Alckmin e Serra fazem agenda conjunta

Ideia é consolidar possível segundo turno na disputa presidencial e,sobretudo, liquidar a eleição estadual no primeiro turno

Roberto Almeida, O Estado de S.Paulo

29 Setembro 2010 | 00h00

O candidato do PSDB ao governo de São Paulo, Geraldo Alckmin, deu início ontem a uma série de eventos que fará colados à candidatura do presidenciável tucano José Serra, a fim de empurrar a disputa nacional para um eventual segundo turno e, sobretudo, aproveitar holofotes para tentar liquidar a eleição estadual já no primeiro turno.

Em agenda discreta de campanha, preterindo o corpo a corpo com eleitores, Alckmin visitou o Museu do Futebol, no Estádio do Pacaembu, na capital paulista, para exaltar a obra inaugurada por Serra em sua gestão como governador. "Ele (Serra) marcou um gol", disse Alckmin.

Descontraído e acompanhado de seu candidato a vice, Guilherme Afif Domingos (DEM), Alckmin disputou partida de pebolim contra dupla formada pelo ex-secretário municipal de Esportes, Walter Feldman, e pela campeã olímpica de salto em distância, Maurren Maggi. O resultado foi empate: 4 a 4.

Sobre um possível segundo turno na eleição nacional, Alckmin ressaltou que há chances de reverter o quadro. "Tudo caminha para isso", afirmou.

Os afagos a Serra, constantes nas agendas de campanha de Alckmin, serão reforçados hoje no evento "Unidos por São Paulo e pelo Brasil", na Mooca, zona leste de São Paulo, berço de Serra.
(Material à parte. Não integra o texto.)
(* For every bounded distributive bilattice $\mathbb{B}$ (resp. bounded commutative distributive bilattice with conflation) we have $\mathbb{B}\cong(\mathbb{B}^+)_+$, and for every HBL (resp. HCBL) $\mathbb{H}$ we have $\mathbb{H}\cong(\mathbb{H}_+)^+$.
   Context: A bilattice is $(B,\le_t,\le_k,\neg)$ with $(B,\le_t)$ (operations $\wedge,\vee$) and $(B,\le_k)$ (operations $\otimes,\oplus$) lattices and $\neg$ satisfying: $a\le_tb\Rightarrow\neg b\le_t\neg a$, $a\le_kb\Rightarrow\neg a\le_k\neg b$, $\neg\neg a=a$. It is distributive if $x\circ(y\bullet z)=(x\circ y)\bullet(x\circ z)$ for all $\circ,\bullet\in\{\wedge,\vee,\otimes,\oplus\}$; bounds are $\mathtt{f},\mathtt{t}$ ($\le_t$) and $\bot,\top$ ($\le_k$). A bilattice with conflation additionally has $-$ with $a\le_tb\Rightarrow -a\le_t-b$, $a\le_kb\Rightarrow -b\le_k-a$, $--a=a$; commutative means $\neg-x=-\neg x$. Isomorphisms of bilattices (with conflation) are bijections preserving all these operations. A heterogeneous bilattice (HBL) is a tuple $(\mathbb{L}_1,\mathbb{L}_2,\mathrm{n},\mathrm{p})$ where $\mathbb{L}_i=(L_i,\sqcap_i,\sqcup_i,0_i,1_i)$ are bounded distributive lattices and $\mathrm{n}:\mathbb{L}_1\to\mathbb{L}_2$, $\mathrm{p}:\mathbb{L}_2\to\mathbb{L}_1$ are mutually inverse lattice isomorphisms. An HCBL is defined in the same way with $\mathbb{L}_i$ De Morgan algebras (negations ${\sim}_i$) and $\mathrm{n},\mathrm{p}$ mutually inverse De Morgan algebra isomorphisms. An isomorphism $(\mathbb{L}_1,\mathbb{L}_2,\mathrm{n},\mathrm{p})\cong(\mathbb{L}_1',\mathbb{L}_2',\mathrm{n}',\mathrm{p}')$ is a pair of algebra isomorphisms $f_i:\mathbb{L}_i\to\mathbb{L}_i'$ with $f_2\circ\mathrm{n}=\mathrm{n}'\circ f_1$ and $f_1\circ\mathrm{p}=\mathrm{p}'\circ f_2$. For a bounded distributive bilattice $\mathbb{B}$, $\mathbb{B}^+$ is the HBL $(\mathbb{L}_1,\mathbb{L}_2,\mathrm{Id},\mathrm{Id})$ with $\mathbb{L}_1=\mathbb{L}_2=(\mathrm{Reg}(\mathbb{B}),\otimes,\oplus,\bot,\top)$, where $\mathrm{Reg}(\mathbb{B})=\{a\in B:a=\neg a\}$ (for a commutative bilattice with conflation, each $\mathbb{L}_i$ is also equipped with ${\sim}_i=-$ restricted to $\mathrm{Reg}(\mathbb{B})$). For an HBL $\mathbb{H}$, $\mathbb{H}_+$ is $L_1\times L_2$ with $\langle a_1,a_2\rangle\otimes\langle b_1,b_2\rangle=\langle a_1\sqcap_1b_1,a_2\sqcap_2b_2\rangle$, $\oplus$ componentwise $\sqcup$, $\langle a_1,a_2\rangle\wedge\langle b_1,b_2\rangle=\langle a_1\sqcap_1b_1,a_2\sqcup_2b_2\rangle$, $\langle a_1,a_2\rangle\vee\langle b_1,b_2\rangle=\langle a_1\sqcup_1b_1,a_2\sqcap_2b_2\rangle$, $\neg\langle a_1,a_2\rangle=\langle\mathrm{p}(a_2),\mathrm{n}(a_1)\rangle$, $\mathtt{f}=\langle0_1,1_2\rangle$, $\mathtt{t}=\langle1_1,0_2\rangle$, $\bot=\langle0_1,0_2\rangle$, $\top=\langle1_1,1_2\rangle$; for an HCBL also $-\langle a_1,a_2\rangle=\langle\mathrm{p}({\sim}_2a_2),\mathrm{n}({\sim}_1a_1)\rangle$. *)

Record is_lattice (L : Type) (m j : L -> L -> L) : Prop := {
  l_mC : forall a b, m a b = m b a;
  l_jC : forall a b, j a b = j b a;
  l_mA : forall a b c, m a (m b c) = m (m a b) c;
  l_jA : forall a b c, j a (j b c) = j (j a b) c;
  l_mj : forall a b, m a (j a b) = a;
  l_jm : forall a b, j a (m a b) = a }.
O encontro marcará o encerramento da campanha tucana.

Amanhã Alckmin tem agendada viagem para o Rio, a fim de acompanhar, da plateia, Serra no último debate entre presidenciáveis, na TV Globo. No entanto, não deixará de fazer incursões pelo interior paulista.

Alckmin tem visitas agendadas a São José do Rio Preto e deve ir a Bauru. Tentará, nesse último esforço, consolidar a vantagem que tem sobre seu principal adversário, Aloizio Mercadante (PT). O petista chegou a 30% dos votos válidos, segundo a última sondagem Ibope, do dia 24.

Segundo a mesma pesquisa, Alckmin tem 55% dos votos válidos. Sua campanha vê com cautela a possibilidade de segundo turno - o tucano precisa de 50% dos votos mais um - e não pretende deixar margem para avanços inesperados dos concorrentes ao Palácio dos Bandeirantes.

O principal contra-ataque de Mercadante, com convocação divulgada no site do PT paulista, está marcado para o dia 30, em São Bernardo do Campo, num comício ao lado do presidente Luiz Inácio Lula da Silva.

Alheio à movimentação dos adversários, Alckmin encerrará a entourage com Serra no domingo. O candidato tucano ao governo paulista irá acompanhar o presidenciável do PSDB no Colégio Santa Cruz, na zona oeste de São Paulo, onde Serra vota. Alckmin votará no Colégio Santo Américo, na zona sul da capital.

Em seus últimos programas de TV, Alckmin tem tentado fixar o número 45, do PSDB, para o eleitor. Nos programas dos candidatos a deputado pela coligação, o tucano aparece criticando escândalos que envolveram o PT, como o caso dos aloprados e do mensalão.

Propostas.[ ] [/ ]Alckmin aproveitou a visita ao Museu do Futebol para falar de planos para o esporte. O tucano disse que irá ampliar o programa Escola da Família, que oferece bolsas a universitários, desde que, em contrapartida, trabalhem em escolas da rede estadual nos fins de semana. / R.A.